Abstract Introduction First responders face trauma at work, which may lead to anxiety and post-traumatic stress disorder (PTSD). An occupational medicine program using a transdisciplinary biopsychosocial treatment approach aims to reduce anxiety in first responders with both anxiety and PTSD. This analysis examines how the intensity of patient participation in the program relates to the likelihood of anxiety resolving, as measured by the clinician-administered Hamilton Anxiety Rating Scale (HAM-A).
Methods The analysis utilized data pertaining to first responders employed by the City of San Diego who initiated care between May 1, 2022, and July 30, 2024, who had clinically significant anxiety (HAM-A>13) and PTSD (PCL-5≥33) and completed at least one hour with the program. The change in patients’ HAM-A scores pre- versus post-treatment was evaluated using a t-test. A logistic regression was conducted, with the outcome being whether the patient had clinically significant anxiety at the end of treatment. Log-transformed (base 2) hours of program exposure served as the independent variable. The patient’s HAM-A score at treatment initiation, gender, age, and occupation (firefighter vs. police) served as control variables.
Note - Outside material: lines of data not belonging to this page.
(* Let $I$ be a nonempty open real interval, let $\varphi:I\to\mathbb{R}$ be a strictly monotone function, let $f:I\to\mathbb{R}$ be an arbitrary function, and let $t\in\,]0,1[\,$. Assume that \[ \big(tf(x)+(1-t)f(y)\big)\varphi(tx+(1-t)y)=tf(x)\varphi(x)+(1-t)f(y)\varphi(y) \qquad\text{for all } x,y\in I. \] Then either $f$ is identically zero on $I$, or $f$ is nowhere zero on $I$, $f$ and $\varphi$ are infinitely many times differentiable on $I$, and there exists a nonzero constant $\gamma\in\mathbb{R}$ such that $f^2\varphi'=\gamma$ on $I$. *)

From Stdlib Require Import Reals.
From Coquelicot Require Import Coquelicot.
Open Scope R_scope.

Definition in_open_interval (a b : Rbar) (x : R) : Prop :=
  Rbar_lt a x /\ Rbar_lt x b.

Definition strictly_increasing_on (I : R -> Prop) (phi : R -> R) : Prop :=
  forall x y, I x -> I y -> x < y -> phi x < phi y.
Definition strictly_decreasing_on (I : R -> Prop) (phi : R -> R) : Prop :=
  forall x y, I x -> I y -> x < y -> phi y < phi x.
Definition strictly_monotone_on (I : R -> Prop) (phi : R -> R) : Prop :=
  strictly_increasing_on I phi \/ strictly_decreasing_on I phi.

(* Infinitely differentiable on I (I open, so derivatives are local). *)
Definition smooth_on (I : R -> Prop) (g : R -> R) : Prop :=
  forall (n : nat) (x : R), I x -> ex_derive_n g n x.
Lemma wr_pieces_disjoint i : (1 <= B)%nat ->
  r_disjoint SQ (P i) (INR (B * s)) -> r_disjoint S (wr_piece i) (INR s).
Proof.
  intros HB1 Hdisj [j h] [j' h'] Hne x y [Px Hx] [Py Hy]; simpl in *.
  destruct (classic (j = j')) as [<- | Hj].
  - assert (Hh : exists p, h p <> h' p).
    { apply NNPP; intros Hno; apply Hne; f_equal. apply functional_extensionality.
      intros p; apply NNPP; intros E; apply Hno; exists p; exact E. }
    destruct Hh as [p Hp].
    assert (Hfar : ~ near_piece i j p).
    { intros Hn; apply Hp; rewrite (proj2 (Hx p) Hn), (proj2 (Hy p) Hn); reflexivity. }
    assert (Hlamp : lamp y p <> lamp x p).
    { rewrite (proj1 (Hx p) Hfar), (proj1 (Hy p) Hfar); auto. }
    split; [intros <-; contradiction|].
    intros m Hm. apply le_INR.
    destruct (word_dist_le_wr_size_le SL SQ S B HB x y m Hm) as [z [-> Hz]].
    destruct (Compare_dec.le_lt_dec s m) as [Hsm | Hms]; [exact Hsm|].
    exfalso; apply Hfar. exists (cursor x); split; [exact Px|].
    eapply word_dist_le_mono; [apply (lamp_mul_changed_near SL SQ x z _ Hz p Hlamp) | nia].
  - destruct (Hdisj j j' Hj (cursor x) (cursor y) Px Py) as [Hc Hd].
    split; [intros <-; contradiction|].
    intros m Hm. apply le_INR.
    destruct (word_dist_le_wr_size_le SL SQ S B HB x y m Hm) as [z [-> Hz]].
    specialize (Hd _ (cursor_mul_dist SL SQ x z _ Hz)). apply INR_le in Hd. nia.
Qed.
(* Let $\mathcal G$ be a tree on $n\ge2$ nodes (so it has $n-1$ edges), with oriented incidence matrix $D_\tau\in\mathbb R^{n\times(n-1)}$, edge-weight matrix $W=\mathrm{diag}(w_1,\dots,w_{n-1})$, $w_l>0$, and time-scale matrix $E=\mathrm{diag}(\epsilon_1,\dots,\epsilon_n)$, $\epsilon_i>0$; let $L_{e,s}^\tau=D_\tau^TE^{-1}D_\tau$ and $\sigma_w,\sigma_v$ real scalars. Consider $$\tilde\Sigma_\tau(s)=\big(sI+L_{e,s}^\tau W\big)^{-1}\begin{bmatrix}\sigma_wD_\tau^TE^{-1/2} & -\sigma_vL_{e,s}^\tau W^{1/2}\end{bmatrix},\qquad \Pi_\tau(s)=W^{1/2}\tilde\Sigma_\tau(s).$$ Then $$\|\tilde\Sigma_\tau\|_\infty^2=\bar\sigma\big(\sigma_w^2(WL_{e,s}^\tau W)^{-1}+\sigma_v^2W^{-1}\big),\qquad \|\Pi_\tau\|_\infty^2=\sigma_w^2\,\bar\sigma\big((W^{1/2}L_{e,s}^\tau W^{1/2})^{-1}\big)+\sigma_v^2.$$
   Context: The incidence matrix of a graph with an arbitrary orientation of each edge has entry $1$ in row $i$, column $l$ if node $i$ is the initial node of edge $l$, $-1$ if it is the terminal node, and $0$ otherwise. Powers of positive diagonal matrices are taken entrywise. For a stable transfer matrix $\Phi(s)$, $\|\Phi\|_\infty=\sup_{\omega\in\mathbb R}\bar\sigma(\Phi(j\omega))$ where $\bar\sigma$ is the largest singular value. (This is the general edge-consensus model with $R=I$, which is the case when the graph is its own spanning tree.) *)

From HB Require Import structures.
From mathcomp Require Import all_boot all_order all_algebra.
From mathcomp Require Import all_classical all_reals ereal.
From mathcomp Require Import complex.
Set Implicit Arguments. Unset Strict Implicit. Unset Printing Implicit Defensive.
Import Order.TTheory GRing.Theory Num.Theory.
Local Open Scope ring_scope.
Local Open Scope classical_set_scope.

(* Oriented graph on nodes 'I_n with m edges, edge l goes from (e l).1
   (initial node) to (e l).2 (terminal node). *)

Definition adj n m (e : 'I_m -> 'I_n * 'I_n) : rel 'I_n :=
  fun i j => [exists l : 'I_m, ((e l).1 == i) && ((e l).2 == j)
                            || ((e l).1 == j) && ((e l).2 == i)].
Fixpoint sweep_weight (l : seq V) (t : R) (x : V) : R :=
  match l with
  | [::] => 0
  | y :: l' => (y == x)%:R * Num.min (dg y) (Num.max 0 t) + sweep_weight l' (t - dg y) x
  end.

Lemma curve_seq_sweep_weight (q : V -> R) (l : seq V) (t : R) :
  curve_seq e q l t = \sum_x Defs.ratio e q x * sweep_weight l t x.
Proof.
elim: l t => [|y l IH] t /=; first by rewrite big1 // => x _; rewrite mulr0.
under eq_bigr => x _ do rewrite mulrDr.
rewrite big_split /= IH; congr (_ + _).
rewrite (bigD1 y) //= eqxx mul1r big1 ?addr0 // => x /negbTE yx.
by rewrite eq_sym yx mul0r mulr0.
Qed.

Lemma sweep_weight_ge0 (l : seq V) (t : R) (x : V) : 0 <= sweep_weight l t x.
Proof.
elim: l t => [//|y l IH] t /=.
rewrite addr_ge0 // mulr_ge0 ?ler0n //.
by have := ler0n R (degH e y); case_minmax; lra.
Qed.

Lemma sweep_weight_notin (l : seq V) (t : R) (x : V) : x \notin l -> sweep_weight l t x = 0.
Proof.
elim: l t => [//|y l IH] t; rewrite in_cons negb_or => /andP[xy xl] /=.
by rewrite IH // eq_sym (negbTE xy) mul0r addr0.
Qed.

Lemma sweep_weight_le_deg (l : seq V) (t : R) (x : V) : uniq l -> sweep_weight l t x <= dg x.
Proof.
elim: l t => [|y l IH] t /=; first by rewrite ler0n.
case/andP=> yl l_uniq; case: eqP => [<-|_]; last by rewrite mul0r add0r IH.
rewrite sweep_weight_notin // mul1r addr0.
by have := ler0n R (degH e y); case_minmax; lra.
Qed.

Lemma sum_sweep_weight_le (l : seq V) (t : R) : \sum_x sweep_weight l t x <= Num.max 0 t.
Proof.
elim: l t => [|y l IH] t /=; first by rewrite big1 //; case_minmax; lra.
rewrite big_split /= (bigD1 y) //= eqxx mul1r big1 ?addr0; last first.
  by move=> x /negbTE yx; rewrite eq_sym yx mul0r.
have := IH (t - dg y); have := ler0n R (degH e y).
move: (\sum_x _) => W; case_minmax; lra.
Qed.

Lemma sum_perm_enum (l : seq V) (f : V -> R) :
  perm_eq l (enum [set: V]) -> \sum_(y <- l) f y = \sum_y f y.
Proof.
move=> l_perm; rewrite (perm_big _ l_perm) big_enum /=.
by apply: eq_bigl => y; rewrite in_setT.
Qed.

Lemma sweep_curve_ge_weighted (q : V -> R) (l : seq V) (w : V -> R) (t : R) :
  perm_eq l (enum [set: V]) -> sorted (sweep_rel e q) l -> (forall y, 0 <= q y) ->
  (forall y, 0 <= w y <= dg y) -> \sum_y w y <= t ->
  \sum_y Defs.ratio e q y * w y <= curve_seq e q l t.
Proof.
move=> l_perm l_sorted q_ge0 w_bnd sum_le; rewrite -(sum_perm_enum _ l_perm).
by apply: curve_seq_ge_weighted; rewrite ?(sum_perm_enum _ l_perm).
Qed.

Lemma sweep_order_perm (q : V -> R) : perm_eq (sweep_order e q) (enum [set: V]).
Proof. by rewrite /sweep_order perm_sort. Qed.
Theorem lemma4p5 (R : realType) (a : nat) (i0 j0 k0 : pt R) (u : pt R -> pt R)
    (thi thj thk : R) :
  (1 <= a <= 3)%N ->
  is_tri (i0, j0, k0) ->
  tri_set (i0, j0, k0) `<=` Sigma a ->
  (forall p, onL p -> on_S1 (u p)) ->
  thi - pi <= thj < thi + pi ->
  thj - pi <= thk < thj + pi ->
  u i0 = expi thi -> u j0 = expi thj -> u k0 = expi thk ->
  `|thj - thi - 2 * pi / 3| <= 1 / 4 ->
  `|thk - thj - 2 * pi / 3| <= 1 / 4 ->
  exists C : R, 0 < C /\
    forall (N m : nat) (v : pt R -> pt R),
      (1 <= N)%N ->
      `|thi| + 2 * pi <= 2 * pi * m%:R ->
      (forall p, onL p -> SigmaT0 a i0 j0 k0 p -> on_S1 (v p)) ->
      is_interp a i0 j0 k0 thi thj thk N m v ->
      (F1 v (SigmaT0 a i0 j0 k0) <=
         C%:E * ((N%:R)%:E * F1 u (tri_set (i0, j0, k0)) + (m%:R ^+ 2 / N%:R)%:E))%E.
Proof.
move=> ha T0 T0S _ _ _ ui uj uk dj dk.
set c0 := sqnorm (expi3 thi thj thk); set F1u := F1 u _.
have c0_le : (c0%:E <= F1u)%E by rewrite /c0 /expi3 -ui -uj -uk; apply: F1_tri_ge.
have F1u_ge0 : (0 <= F1u)%E by apply: le_trans c0_le; rewrite lee_fin sqnorm_ge0.
have [c0_gt0|c0_le0] := ltrP 0 c0.
  exists (72 / c0); split=> [|N m v N_gt0 _ _ hv]; first by rewrite divr_gt0.
  apply: le_trans (F1_SigmaT0_le ha T0 T0S N_gt0 hv _ (fun H l1 l2 l3 _ _ _ _ =>
    sqnorm_expi3_le9 _ _ _)) _ => //.
  rewrite (_ : _ * 9 = 72 / c0 * (N%:R * c0)); last first.
    by rewrite natrM; field; rewrite gt_eqF.
  rewrite EFinM; apply: lee_wpmul2l; first by rewrite lee_fin divr_ge0 ?ltW.
  rewrite -[X in (X <= _)%E]adde0; apply: leeD.
    by rewrite EFinM; apply: lee_wpmul2l; rewrite ?lee_fin.
  by rewrite lee_fin divr_ge0 ?sqr_ge0.
have [Ej Ek] : thj = thi + 2 * pi / 3 /\ thk = thi + 4 * pi / 3.
  by apply: balanced_of_sqnorm_expi3_eq0 => //; apply: le_anti; rewrite c0_le0 sqnorm_ge0.
exists (256 * pi ^+ 2); split=> [|N m v N_gt0 hm _ hv].
  by rewrite mulr_gt0 ?exprn_gt0 ?pi_gt0.
rewrite Ej Ek in hv; apply: le_trans (F1_SigmaT0_balanced_le ha T0 T0S N_gt0 hm hv) _.
rewrite EFinM; apply: lee_wpmul2l; first by rewrite lee_fin mulr_ge0 ?sqr_ge0.
by apply: leeDr; apply: mule_ge0; rewrite ?lee_fin.
Qed.
(* Let $P$ be a finite graded connected poset with rank function $\rho$, let $G$ be a group of automorphisms of $P$, and let $\theta$ be the equivalence relation whose classes are the $G$-orbits. Then (1) $\rho(p)=\rho(q)$ whenever $p\,\theta\,q$; and (2) the quotient $P/G:=(P/\theta,\leqslant_\theta)$ is a graded poset (with rank function $[p]\mapsto\rho(p)$).
   Context: A poset is graded if there is an integer-valued rank function $\rho$ with $p<q\Rightarrow\rho(p)<\rho(q)$ and $p\lessdot q\Rightarrow\rho(q)=\rho(p)+1$, where $p\lessdot q$ means $p<q$ with nothing strictly between. A poset is connected if its Hasse diagram (the graph with vertices $P$ and an edge for each covering relation) is connected. For an equivalence relation $\theta$ with classes $[p]$, $[p]\leqslant_\theta[q]$ iff there exist $p'\in[p]$, $q'\in[q]$ with $p'\leqslant q'$. *)

From mathcomp Require Import all_boot all_order all_fingroup all_algebra.
Set Implicit Arguments. Unset Strict Implicit. Unset Printing Implicit Defensive.
Import Order.Theory GRing.Theory.

Section RelPoset.
Variable U : finType.
Variable D : {set U}.
Variable r : rel U.

Definition poset_on : Prop :=
  [/\ {in D, forall x, r x x},
      {in D &, forall x y, r x y -> r y x -> x = y} &
      {in D & &, forall x y z, r x y -> r y z -> r x z}].

Definition covers_on (x y : U) : bool :=
  [&& x \in D, y \in D, r x y, x != y &
      [forall z in D, ~~ [&& r x z, r z y, z != x & z != y]]].

Definition rank_fun_on (rho : U -> int) : Prop :=
  (forall x y, x \in D -> y \in D -> r x y -> x != y -> (rho x < rho y)%R) /\
  (forall x y, covers_on x y -> rho y = (rho x + 1)%R).

Definition graded_on : Prop := exists rho, rank_fun_on rho.
End RelPoset.

Definition Prel {d} {T : finPOrderType d} : rel T := fun x y => (x <= y)%O.

Definition covers {d} {T : finPOrderType d} (x y : T) : bool :=
  covers_on [set: T] Prel x y.

Definition rank_fun {d} {T : finPOrderType d} (rho : T -> int) : Prop :=
  rank_fun_on [set: T] Prel rho.

Definition hasse_connected {d} {T : finPOrderType d} : Prop :=
  forall x y : T, connect (fun a b => covers a b || covers b a) x y.

Definition automorphism_group {d} {T : finPOrderType d} (G : {group {perm T}}) : Prop :=
  forall g, g \in G -> forall x y : T, (g x <= g y)%O = (x <= y)%O.

Definition theta_classes {d} {T : finPOrderType d} (G : {group {perm T}}) : {set {set T}} :=
  [set orbit 'P G x | x : T].

Definition le_theta {d} {T : finPOrderType d} : rel {set T} :=
  fun A B => [exists p in A, exists q in B, (p <= q)%O].

Definition class_rank {T : finType} (rho : T -> int) (A : {set T}) : int :=
  if [pick x in A] is Some x then rho x else 0%R.

From mathcomp Require Import all_boot all_order all_fingroup all_algebra.
From mathcomp Require Import zify.
Import Order.Theory GRing.Theory Num.Theory.
Set Implicit Arguments. Unset Strict Implicit.

(* Let P be a finite poset with rank function rho and G a group of order
   automorphisms of P.
   (1) An automorphism g maps covers to covers, so along every edge of the
       Hasse diagram the shift rho (g x) - rho x is unchanged; if the diagram
       is connected the shift is a constant c.  Summing rho (g x) = rho x + c
       over the finite set P, which g permutes, forces c = 0.  Hence rho is
       constant on G-orbits.
   (2) Given only that rho is constant on orbits, the orbit relation
       [p] <= [q] (some p' ~ p, q' ~ q with p' <= q') is a partial order:
       antisymmetry follows from rank monotonicity and transitivity from
       translating witnesses by an element of G.  It is strictly monotone in
       the induced rank, and if [p] < [q] is a cover then, choosing p < q and
       a cover z <. q above p, the class [z] lies between [p] and [q], so it
       must be [p]; hence rank [q] = rank [z] + 1 = rank [p] + 1. *)

Lemma coversE d (T : finPOrderType d) (x y : T) : covers x y =
  [&& (x <= y)%O, x != y &
      [forall z, ~~ [&& (x <= z)%O, (z <= y)%O, z != x & z != y]]].
Proof.
rewrite /covers /covers_on !in_setT /=; congr [&& _, _ & _].
by apply/eq_forallb => z; rewrite in_setT.
Qed.

Lemma covers_lt d (T : finPOrderType d) (x y : T) : covers x y -> (x < y)%O.
Proof. by rewrite coversE lt_def eq_sym => /and3P[-> -> _]. Qed.

Lemma connect_const (T : finType) (U : Type) (e : rel T) (f : T -> U) :
  (forall x y, e x y -> f x = f y) -> forall x y, connect e x y -> f x = f y.
Proof.
move=> fe x y /connectP[p Hp ->]; elim: p x Hp => [|a p IH] x //=.
by case/andP=> /fe -> /IH.
Qed.

(* A permutation cannot shift a real-valued function by a constant c other
   than 0: compare the sums of f and f \o g over the (nonempty) domain. *)
Lemma perm_shift_eq0 (R : numDomainType) (T : finType) (g : {perm T})
    (f : T -> R) (c : R) :
  (forall x, f (g x) = f x + c)%R -> T -> c = 0%R.
Proof.
move=> fg x0.
have sum_fg : (\sum_y f (g y) = \sum_y f y)%R.
  by rewrite [RHS](reindex_inj (@perm_inj _ g)).
move: sum_fg; under eq_bigr do rewrite fg.
rewrite big_split /= sumr_const => /eqP; rewrite -subr_eq0 addrAC subrr add0r.
rewrite mulrn_eq0 => /orP[|/eqP //].
have : 0 < #|T| by apply/card_gt0P; exists x0.
by rewrite lt0n => /negPf ->.
Qed.

Section Ranked.
Variables (d : Order.disp_t) (T : finPOrderType d) (rho : T -> int).
Hypothesis rank_rho : rank_fun rho.

Lemma rank_lt (x y : T) : (x < y)%O -> (rho x < rho y)%R.
Proof. by rewrite lt_def => /andP[ne le]; apply: rank_rho.1; rewrite ?in_setT // eq_sym. Qed.

Lemma rank_le (x y : T) : (x <= y)%O -> (rho x <= rho y)%R.
Proof. by rewrite le_eqVlt => /orP[/eqP -> // | /rank_lt /ltW]. Qed.

Lemma rank_cover (x y : T) : covers x y -> rho y = (rho x + 1)%R.
Proof. exact: rank_rho.2. Qed.

Lemma le_rank_eq (x y : T) : (x <= y)%O -> rho x = rho y -> x = y.
Proof.
by rewrite le_eqVlt => /orP[/eqP // | /rank_lt + e]; rewrite e ltxx.
Qed.

(* Below any q, above any z < q, sits an element covered by q; the proof
   refines z upwards, with the rank gap to q as termination measure. *)
Lemma exists_cover (z q : T) : (z < q)%O -> exists2 z', (z <= z')%O & covers z' q.
Proof.
move: {2}`|rho q - rho z|%N (leqnn `|rho q - rho z|%N) => n.
elim: n z => [|n IH] z gap zq; first by have := rank_lt zq; lia.
have [czq|] := boolP (covers z q); first by exists z.
rewrite coversE (ltW zq) (lt_eqF zq) /= negb_forall => /existsP[w].
rewrite negbK => /and4P[zw wq wz wq'].
have zw' : (z < w)%O by rewrite lt_def wz zw.
have wq2 : (w < q)%O by rewrite lt_def eq_sym wq' wq.
have [|z' wz' cz'] := IH w _ wq2; first by have := rank_lt zw'; have := rank_lt wq2; lia.
by exists z' => //; apply: le_trans wz'; apply: ltW.
Qed.

End Ranked.

Section Automorphism.
Variables (d : Order.disp_t) (T : finPOrderType d) (g : {perm T}).
Hypothesis g_auto : forall x y : T, (g x <= g y)%O = (x <= y)%O.

Lemma perm_covers (x y : T) : covers x y -> covers (g x) (g y).
Proof.
rewrite !coversE g_auto (inj_eq perm_inj) => /and3P[-> -> /forallP nobetween].
apply/forallP => z; rewrite -(permKV g z).
by rewrite !g_auto !(inj_eq perm_inj); apply: nobetween.
Qed.

Lemma rank_perm (rho : T -> int) :
  rank_fun rho -> hasse_connected (T := T) -> forall x, rho (g x) = rho x.
Proof.
move=> rank_rho conn x.
pose shift y := (rho (g y) - rho y)%R.
have shift_edge a b : covers a b || covers b a -> shift a = shift b.
  by rewrite /shift => /orP[] /[dup] /(rank_cover rank_rho) + /perm_covers
    /(rank_cover rank_rho); lia.
have shift_const y : shift y = shift x.
  by apply/esym/(connect_const shift_edge)/conn.
have /perm_shift_eq0/(_ x) : forall y, rho (g y) = (rho y + shift x)%R.
  by move=> y; rewrite -(shift_const y) /shift; lia.
by rewrite /shift; lia.
Qed.

End Automorphism.

Section Quotient.
Variables (d : Order.disp_t) (T : finPOrderType d) (rho : T -> int)
  (G : {group {perm T}}).
Hypotheses (rank_rho : rank_fun rho) (G_auto : automorphism_group G).
Hypothesis rank_orbit : forall p q : T, q \in orbit 'P G p -> rho p = rho q.

Let classes := theta_classes G.

Lemma class_orbit A x : A \in classes -> x \in A -> A = orbit 'P G x.
Proof. by case/imsetP=> y _ -> xA; apply/esym/orbit_eqP. Qed.

Lemma class_eq A B x : A \in classes -> B \in classes -> x \in A -> x \in B -> A = B.
Proof. by move=> HA HB xA xB; rewrite (class_orbit HA xA) (class_orbit HB xB). Qed.

Lemma class_neq A B p q : A \in classes -> B \in classes ->
  p \in A -> q \in B -> A != B -> q != p.
Proof.
move=> HA HB pA qB; apply: contraNneq => qp.
by apply/eqP/(class_eq HA HB pA); rewrite -qp.
Qed.

Lemma class_rankE A x : A \in classes -> x \in A -> class_rank rho A = rho x.
Proof.
move=> HA xA; rewrite /class_rank (class_orbit HA xA).
by case: pickP => [z /rank_orbit -> // | /(_ x)]; rewrite orbit_refl.
Qed.

Lemma le_thetaP (A B : {set T}) :
  reflect (exists p q, [/\ p \in A, q \in B & (p <= q)%O]) (le_theta A B).
Proof.
apply: (iffP existsP) => [[p /andP[pA /existsP[q /andP[qB pq]]]] | [p [q [pA qB pq]]]].
  by exists p, q.
by exists p; rewrite pA; apply/existsP; exists q; rewrite qB.
Qed.

(* Transitivity: translate the witnesses of the first comparison by the
   element of G matching the two representatives in the middle class. *)
Lemma le_theta_trans : {in classes & &, forall A B C,
  le_theta A B -> le_theta B C -> le_theta A C}.
Proof.
move=> A B C HA HB _ /le_thetaP[p [q [pA qB pq]]] /le_thetaP[q' [r [q'B rC qr]]].
have : q' \in orbit 'P G q by rewrite -(class_orbit HB qB).
case/orbitP=> g gG; rewrite /= apermE => q'E; subst q'.
apply/le_thetaP; exists (g p), r; split=> //; last by rewrite (le_trans _ qr) ?G_auto.
by rewrite (class_orbit HA pA); apply/orbitP; exists g.
Qed.

(* Antisymmetry: the ranks of the four witnesses are squeezed together, so
   the first comparison is between elements of equal rank. *)
Lemma le_theta_anti : {in classes &, forall A B,
  le_theta A B -> le_theta B A -> A = B}.
Proof.
move=> A B HA HB /le_thetaP[p [q [pA qB pq]]] /le_thetaP[p' [q' [p'B q'A pq']]].
have rank_pq := rank_le rank_rho pq.
have := rank_le rank_rho pq'.
rewrite -(class_rankE HB p'B) (class_rankE HB qB) -(class_rankE HA q'A) (class_rankE HA pA).
move=> rank_qp; have {}pq : p = q by apply: (le_rank_eq rank_rho pq); lia.
by apply: (class_eq HA HB pA); rewrite pq.
Qed.

Lemma quotient_poset : poset_on classes le_theta.
Proof.
split; [|exact: le_theta_anti | exact: le_theta_trans].
by move=> A /imsetP[x _ ->]; apply/le_thetaP; exists x, x; rewrite orbit_refl.
Qed.

Lemma quotient_rank_lt A B : A \in classes -> B \in classes ->
  le_theta A B -> A != B -> (class_rank rho A < class_rank rho B)%R.
Proof.
move=> HA HB /le_thetaP[p [q [pA qB pq]]] nAB.
rewrite (class_rankE HA pA) (class_rankE HB qB) rank_lt // lt_def pq andbT.
exact: class_neq nAB.
Qed.

(* Covers in the quotient raise the induced rank by one: the class of an
   element covered by q is squeezed between A and B, and cannot be B. *)
Lemma quotient_rank_cover A B :
  covers_on classes le_theta A B -> class_rank rho B = (class_rank rho A + 1)%R.
Proof.
case/and5P=> HA HB /le_thetaP[p [q [pA qB pq]]] nAB /forallP nobetween.
have plq : (p < q)%O.
  by rewrite lt_def pq andbT (class_neq HA HB pA qB nAB).
have [z pz czq] := exists_cover rank_rho plq.
pose C := orbit 'P G z.
have HC : C \in classes by apply/imsetP; exists z.
have zC : z \in C by rewrite orbit_refl.
have AC : le_theta A C by apply/le_thetaP; exists p, z.
have CB : le_theta C B by apply/le_thetaP; exists z, q; rewrite (ltW (covers_lt czq)).
have := nobetween C; rewrite HC AC CB /= negb_and !negbK => /orP[/eqP CA | /eqP CB'].
  by rewrite -CA (class_rankE HC zC) (class_rankE HB qB) (rank_cover rank_rho czq).
have := rank_lt rank_rho (covers_lt czq).
by rewrite -(class_rankE HC zC) -(class_rankE HB qB) CB' ltxx.
Qed.

Lemma quotient_graded : rank_fun_on classes le_theta (class_rank rho).
Proof.
by split=> [A B HA HB|A B]; [exact: quotient_rank_lt | exact: quotient_rank_cover].
Qed.

End Quotient.

Theorem mainTheorem11 (d : Order.disp_t) (T : finPOrderType d)
    (rho : T -> int) (G : {group {perm T}}) :
  rank_fun rho -> hasse_connected (T := T) -> automorphism_group G ->
  (forall p q : T, q \in orbit 'P G p -> rho p = rho q) /\
  (poset_on (theta_classes G) le_theta /\
   rank_fun_on (theta_classes G) le_theta (class_rank rho)).
Proof.
move=> rank_rho conn G_auto.
have rank_orbit p q : q \in orbit 'P G p -> rho p = rho q.
  by case/orbitP=> g gG <-; rewrite /= apermE (rank_perm (G_auto g gG) rank_rho conn).
split=> //; split.
- exact: quotient_poset rank_rho G_auto rank_orbit.
- exact: quotient_graded rank_rho rank_orbit.
Qed.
Results The analysis included 55 patients. HAM-A scores significantly (p <.001) decreased following treatment, from a mean of 25.6 (s.d.: 4.5) to a mean of 10.2 (s.d.: 6.6). Program hours were significantly (p=0.003) and negatively associated with the likelihood that a patient had clinically significant anxiety at completion. When patients doubled their program hours, they had under half the odds of having clinically significant anxiety at completion (o.r.: 0.46; 95% c.i.: 0.28-0.77). None of the other variables included in the analysis had a statistically significant association with anxiety outcomes.
Conclusion Increased exposure to transdisciplinary biopsychosocial treatment was significantly associated with a reduced likelihood of clinically significant anxiety in a population of first responders with a history of anxiety and PTSD.